(Stored data entries)
____________________
(* Let $\pi_0:Z_0\to Z$ be the minimal resolution of a canonical surface singularity, with exceptional curves $E_1,\dots,E_r$ generating $\mathbf{E}_0\subseteq\operatorname{Pic}Z_0$ and numerical cycle $Z_{\mathrm{num}}$. Let $g:\mathbf{E}_0\to\mathbb{Q}$ be of the form $g(E)=-E^2+\ell(E)$ with $\ell$ linear and $\ell(E_i)\le0$ for all $i$. Then $g(E)>0$ for all nonzero effective $E\in\mathbf{E}_0$ if and only if $g(Z_{\mathrm{num}})>0$.
   Context: The numerical cycle $Z_{\mathrm{num}}$ is the minimal nonzero effective $\pi_0$-exceptional divisor $F$ with $F\cdot E_i\le0$ for all $i$. *)

From HB Require Import structures.
From mathcomp Require Import all_boot all_order all_algebra.
Set Implicit Arguments. Unset Strict Implicit. Unset Printing Implicit Defensive.
Import Order.TTheory GRing.Theory Num.Theory.
Local Open Scope ring_scope.

(* The lattice E_0 generated by the exceptional curves E_1..E_r is modelled by
   coefficient vectors 'I_r -> int (E = \sum_i a_i E_i); M i j = E_i . E_j is the
   intersection matrix. *)

Definition iform (r : nat) (M : 'M[int]_r) (a b : 'I_r -> int) : int :=
  \sum_(i < r) \sum_(j < r) a i * M i j * b j.

Definition ecurve (r : nat) (i : 'I_r) : 'I_r -> int := fun j => (i == j)%:R.

Definition effective (r : nat) (a : 'I_r -> int) : Prop := forall i, 0 <= a i.
Definition nonzero (r : nat) (a : 'I_r -> int) : Prop := exists i, a i != 0.

(* Intersection lattice of the minimal resolution of a canonical surface
   singularity: a connected configuration of (-2)-curves meeting
   non-negatively, with negative definite intersection form. *)
Definition canonical_config (r : nat) (M : 'M[int]_r) : Prop :=
  (0 < r)%N /\
  (forall i j, M i j = M j i) /\
  (forall i, M i i = -2) /\
  (forall i j, i != j -> 0 <= M i j) /\
  (forall a : 'I_r -> int, nonzero a -> iform M a a < 0) /\
  (forall i j, connect (fun x y : 'I_r => M x y != 0) i j).

Definition antinef (r : nat) (M : 'M[int]_r) (F : 'I_r -> int) : Prop :=
  forall i, iform M F (ecurve i) <= 0.

Definition numerical_cycle (r : nat) (M : 'M[int]_r) (Z : 'I_r -> int) : Prop :=
  [/\ effective Z, nonzero Z, antinef M Z
    & forall F : 'I_r -> int, effective F -> nonzero F -> antinef M F ->
        (forall i, F i <= Z i) -> forall i, F i = Z i].

Definition gfun (r : nat) (M : 'M[int]_r) (lv : 'I_r -> rat) (E : 'I_r -> int) : rat :=
  - (iform M E E)%:~R + \sum_(i < r) (E i)%:~R * lv i.

From HB Require Import structures.
From mathcomp Require Import all_boot all_order all_algebra.
From mathcomp Require Import zify lra.
Import Order.TTheory GRing.Theory Num.Theory.
Set Implicit Arguments. Unset Strict Implicit. Unset Printing Implicit Defensive.
Local Open Scope ring_scope.

(* Laufer's algorithm: starting from a nonzero effective D <= Z_num, add a curve
   E_j with D.E_j > 0 as long as there is one.  Since (D + E_j)^2 =
   D^2 + 2 D.E_j - 2, the self-intersection never decreases, and the process
   stops at an antinef cycle below Z_num, which is Z_num by minimality.  Hence
   D^2 <= Z_num^2, and as l(E_i) <= 0 also l(D) >= l(Z_num): g(D) >= g(Z_num).
   A general effective E splits as D + R with D = min(E, Z_num), which is
   nonzero since Z_num has full support on a connected configuration, and
   D.R <= 0, so g(E) >= g(D) + g(R); induction on the size of E concludes. *)

Section IntersectionForm.
Variables (r : nat) (M : 'M[int]_r).
Implicit Types (a b c D Z : 'I_r -> int).

Lemma iform_ecurve a j : iform M a (ecurve j) = \sum_i a i * M i j.
Proof.
rewrite /iform; apply: eq_bigr => i _.
rewrite (bigD1 j) //= big1 => [|k nkj]; first by rewrite /ecurve eqxx mulr1 addr0.
by rewrite /ecurve eq_sym (negbTE nkj) mulr0.
Qed.

Lemma iform_ecurve2 i j : iform M (ecurve i) (ecurve j) = M i j.
Proof.
rewrite iform_ecurve (bigD1 i) //= big1 => [|k nki].
  by rewrite /ecurve eqxx mul1r addr0.
by rewrite /ecurve eq_sym (negbTE nki) mul0r.
Qed.

Lemma sum_ecurve (j : 'I_r) : \sum_k ecurve j k = 1.
Proof.
rewrite (bigD1 j) //= big1 => [|k nkj]; first by rewrite /ecurve eqxx addr0.
by rewrite /ecurve eq_sym (negbTE nkj).
Qed.

Lemma iform_sum_ecurve a b : iform M a b = \sum_j iform M a (ecurve j) * b j.
Proof.
rewrite [LHS]exchange_big; apply: eq_bigr => j _.
by rewrite iform_ecurve mulr_suml.
Qed.

Lemma eq_iform a a' b b' : a =1 a' -> b =1 b' -> iform M a b = iform M a' b'.
Proof.
by move=> eqa eqb; apply: eq_bigr => i _; apply: eq_bigr => j _; rewrite eqa eqb.
Qed.

Lemma iformDl a b c : iform M (a \+ b) c = iform M a c + iform M b c.
Proof.
rewrite !(iform_sum_ecurve _ c) -big_split; apply: eq_bigr => j _ /=.
rewrite !iform_ecurve -mulrDl -big_split; congr (_ * _).
by apply: eq_bigr => i _; rewrite mulrDl.
Qed.

Hypothesis M_sym : forall i j, M i j = M j i.

Lemma iformC a b : iform M a b = iform M b a.
Proof.
rewrite /iform exchange_big; apply: eq_bigr => i _; apply: eq_bigr => j _.
by rewrite M_sym mulrC mulrA mulrAC.
Qed.

Lemma iform_sqrD a b :
  iform M (a \+ b) (a \+ b) = iform M a a + iform M a b *+ 2 + iform M b b.
Proof.
rewrite iformDl ![iform M _ (a \+ b)]iformC !iformDl (iformC b a).
by rewrite mulr2n !addrA.
Qed.

Lemma eq_gfun (lv : 'I_r -> rat) a b : a =1 b -> gfun M lv a = gfun M lv b.
Proof.
by move=> eqab; rewrite /gfun (eq_iform eqab eqab); under eq_bigr do rewrite eqab.
Qed.

Lemma gfunD (lv : 'I_r -> rat) a b :
  gfun M lv (a \+ b) = gfun M lv a + gfun M lv b - (iform M a b *+ 2)%:~R.
Proof.
rewrite /gfun iform_sqrD !intrD; under eq_bigr do rewrite /= intrD mulrDl.
rewrite big_split /=; lra.
Qed.

Hypothesis M_offdiag_ge0 : forall i j, i != j -> 0 <= M i j.

Lemma iform_ecurve_ge_term a i k : effective a -> a i = 0 ->
  a k * M k i <= iform M a (ecurve i).
Proof.
move=> a_ge0 ai0; rewrite iform_ecurve (bigD1 k) //= lerDl sumr_ge0 // => l _.
have [->|nli] := eqVneq l i; first by rewrite ai0 mul0r.
by rewrite mulr_ge0 ?M_offdiag_ge0.
Qed.

Lemma iform_ecurve_ge0 a i : effective a -> a i = 0 -> 0 <= iform M a (ecurve i).
Proof.
move=> a_ge0 ai0; apply: le_trans (iform_ecurve_ge_term i a_ge0 ai0).
by rewrite ai0 mul0r.
Qed.

(* Z = D + (Z - D), and Z - D is effective and vanishes at i. *)
Lemma antinef_sub_ecurve_le0 Z D i :
  antinef M Z -> (forall k, D k <= Z k) -> D i = Z i -> iform M D (ecurve i) <= 0.
Proof.
move=> Z_antinef D_le Di.
have ZDE : Z =1 D \+ (fun k => Z k - D k) by move=> k /=; rewrite addrC subrK.
have := Z_antinef i; rewrite (eq_iform ZDE (frefl _)) iformDl.
have : 0 <= iform M (fun k => Z k - D k) (ecurve i).
  by apply: iform_ecurve_ge0 => [k|]; rewrite ?subr_ge0 ?Di ?subrr.
lra.
Qed.

End IntersectionForm.

Section NumericalCycle.
Variables (r : nat) (M : 'M[int]_r) (lv : 'I_r -> rat) (Z : 'I_r -> int).
Implicit Types (D E : 'I_r -> int).
Hypotheses (M_sym : forall i j, M i j = M j i) (M_diag : forall i, M i i = -2).
Hypothesis M_offdiag_ge0 : forall i j, i != j -> 0 <= M i j.
Hypothesis M_connected : forall i j, connect (fun x y => M x y != 0) i j.
Hypotheses (Z_ge0 : effective Z) (Z_nz : nonzero Z) (Z_antinef : antinef M Z).
Hypothesis Z_minimal : forall F, effective F -> nonzero F -> antinef M F ->
  (forall i, F i <= Z i) -> F =1 Z.

Lemma antinef_or_ecurve_gt0 D : (forall i, D i <= Z i) ->
  antinef M D \/ exists2 j, D j < Z j & 0 < iform M D (ecurve j).
Proof.
move=> D_le.
have [/forallP D_antinef|/forallPn[j]] := boolP [forall i, iform M D (ecurve i) <= 0].
  by left.
rewrite -ltNge => DEj_gt0; right; exists j => //; rewrite lt_neqAle D_le andbT.
apply: contraTneq DEj_gt0 => Dj; rewrite -leNgt.
exact: antinef_sub_ecurve_le0.
Qed.

Lemma iform_sqr_le_numerical_cycle D : effective D -> nonzero D ->
  (forall i, D i <= Z i) -> iform M D D <= iform M Z Z.
Proof.
have [n] := ubnP (absz (\sum_i (Z i - D i))).
elim: n D => // n IH D gap_lt D_ge0 D_nz D_le.
have [D_antinef|[j Dj_lt DEj_gt0]] := antinef_or_ecurve_gt0 D_le.
  by have D_Z := Z_minimal D_ge0 D_nz D_antinef D_le; rewrite (eq_iform M D_Z D_Z).
set D' := D \+ ecurve j.
have D'_ge0 : effective D'.
  by move=> k; rewrite /D' /= /ecurve; have := D_ge0 k; case: eqP; lia.
have D'_nz : nonzero D' by exists j; rewrite /D' /= /ecurve eqxx; have := D_ge0 j; lia.
have D'_le k : D' k <= Z k.
  by rewrite /D' /= /ecurve; have := D_le k; case: eqP => [<-|_]; lia.
have gap_D' : \sum_i (Z i - D' i) = \sum_i (Z i - D i) - 1.
  by rewrite -(sum_ecurve j) -sumrB; apply: eq_bigr => i _; rewrite opprD addrA.
have gap_D'_ge0 : 0 <= \sum_i (Z i - D' i) by apply: sumr_ge0 => i _; rewrite subr_ge0.
have gap_D'_lt : (absz (\sum_i (Z i - D' i))%R < n)%N by lia.
have := IH D' gap_D'_lt D'_ge0 D'_nz D'_le.
rewrite (iform_sqrD M_sym) iform_ecurve2 M_diag mulr2n; lia.
Qed.

Lemma numerical_cycle_gt0 i : 0 < Z i.
Proof.
have [k Zk_neq0] := Z_nz; have Zk_gt0 : 0 < Z k by rewrite lt0r Zk_neq0 Z_ge0.
have Z_gt0_adj x y : M x y != 0 -> 0 < Z x -> 0 < Z y.
  move=> Mxy Zx_gt0; rewrite lt0r Z_ge0 andbT.
  apply: contraTneq (Z_antinef y) => Zy0; rewrite -ltNge.
  have nxy : x != y by apply: contraTneq Zx_gt0 => ->; rewrite Zy0 ltxx.
  apply: lt_le_trans (iform_ecurve_ge_term M_offdiag_ge0 x Z_ge0 Zy0).
  by rewrite mulr_gt0 // lt0r Mxy M_offdiag_ge0.
have /connectP[p p_path ->] := M_connected k i.
elim: p k Zk_gt0 p_path {Zk_neq0} => //= y p IHp k Zk_gt0 /andP[Mky].
exact/IHp/(Z_gt0_adj _ _ Mky).
Qed.

Hypothesis lv_le0 : forall i, lv i <= 0.

Lemma gfun_numerical_cycle_le D : effective D -> nonzero D ->
  (forall i, D i <= Z i) -> gfun M lv Z <= gfun M lv D.
Proof.
move=> D_ge0 D_nz D_le; rewrite /gfun lerD // ?lerN2 ?ler_int.
  exact: iform_sqr_le_numerical_cycle.
by apply: ler_sum => i _; rewrite ler_wnM2r // ler_int.
Qed.

(* D.R <= 0 because R is supported where D = Z, and there D.E_i <= 0. *)
Lemma gfun_gt0 : 0 < gfun M lv Z ->
  forall E, effective E -> nonzero E -> 0 < gfun M lv E.
Proof.
move=> gZ_gt0 E; have [n] := ubnP (absz (\sum_i E i)).
elim: n E => // n IH E size_lt E_ge0 [i0 Ei0_neq0].
pose D i := Order.min (E i) (Z i); pose R i := E i - D i.
have E_DR : E =1 D \+ R by move=> i /=; rewrite addrC subrK.
have D_ge0 : effective D by move=> i; rewrite le_min E_ge0 Z_ge0.
have D_le i : D i <= Z i by rewrite ge_min lexx orbT.
have Di0_gt0 : 0 < D i0.
  by rewrite lt_min numerical_cycle_gt0 andbT lt0r Ei0_neq0 E_ge0.
have D_nz : nonzero D by exists i0; rewrite gt_eqF.
have gD_gt0 : 0 < gfun M lv D.
  exact: lt_le_trans gZ_gt0 (gfun_numerical_cycle_le D_ge0 D_nz D_le).
have [/existsP R_nz|/existsPn R0] := boolP [exists i, R i != 0]; last first.
  have E_D : E =1 D by move=> i; rewrite E_DR /= (eqP (negPn (R0 i))) addr0.
  by rewrite (eq_gfun M lv E_D).
have R_ge0 : effective R by move=> i; rewrite subr_ge0 ge_min lexx.
have size_R_lt : (absz (\sum_i R i)%R < n)%N.
  have sumE : \sum_i E i = \sum_i D i + \sum_i R i.
    by rewrite -big_split; apply: eq_bigr => i _; rewrite E_DR.
  have sumD_gt0 : 0 < \sum_i D i.
    by rewrite (bigD1 i0) //= ltr_wpDr ?sumr_ge0.
  have sumR_ge0 : 0 <= \sum_i R i by rewrite sumr_ge0.
  lia.
have DR_le0 : iform M D R <= 0.
  rewrite iform_sum_ecurve sumr_le0 // => i _.
  have [EZ|ZE] := leP (E i) (Z i); first by rewrite /R /D min_l // subrr mulr0.
  have DEi_le0 := antinef_sub_ecurve_le0 M_offdiag_ge0 Z_antinef D_le (min_r (ltW ZE)).
  by rewrite mulr_le0_ge0.
have gR_gt0 := IH R size_R_lt R_ge0 R_nz.
rewrite (eq_gfun M lv E_DR) (gfunD M_sym).
have : (iform M D R)%:~R <= 0 :> rat by rewrite lerz0.
lra.
Qed.

End NumericalCycle.

Theorem mainTheorem12 (r : nat) (M : 'M[int]_r) (lv : 'I_r -> rat)
    (Znum : 'I_r -> int) :
  canonical_config M ->
  (forall i, lv i <= 0) ->
  numerical_cycle M Znum ->
  ((forall E : 'I_r -> int, effective E -> nonzero E -> 0 < gfun M lv E)
   <-> 0 < gfun M lv Znum).
Proof.
move=> [_ [M_sym [M_diag [M_offdiag_ge0 [_ M_connected]]]]] lv_le0.
move=> [Z_ge0 Z_nz Z_antinef Z_minimal].
split=> [g_gt0|gZ_gt0]; first exact: g_gt0 Znum Z_ge0 Z_nz.
exact: (gfun_gt0 M_sym M_diag M_offdiag_ge0 M_connected Z_ge0 Z_nz Z_antinef
  Z_minimal lv_le0 gZ_gt0).
Qed.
____________________
### What to work on
Could you repeat exactly the lines above from the line with "have : 0 <= iform" up to and including the line with "Hypotheses (Z_ge0 : effective", and only those?

### Response
have : 0 <= iform M (fun k => Z k - D k) (ecurve i).
  by apply: iform_ecurve_ge0 => [k|]; rewrite ?subr_ge0 ?Di ?subrr.
lra.
Qed.

End IntersectionForm.

Section NumericalCycle.
Variables (r : nat) (M : 'M[int]_r) (lv : 'I_r -> rat) (Z : 'I_r -> int).
Implicit Types (D E : 'I_r -> int).
Hypotheses (M_sym : forall i j, M i j = M j i) (M_diag : forall i, M i i = -2).
Hypothesis M_offdiag_ge0 : forall i j, i != j -> 0 <= M i j.
Hypothesis M_connected : forall i j, connect (fun x y => M x y != 0) i j.
Hypotheses (Z_ge0 : effective Z) (Z_nz : nonzero Z) (Z_antinef : antinef M Z).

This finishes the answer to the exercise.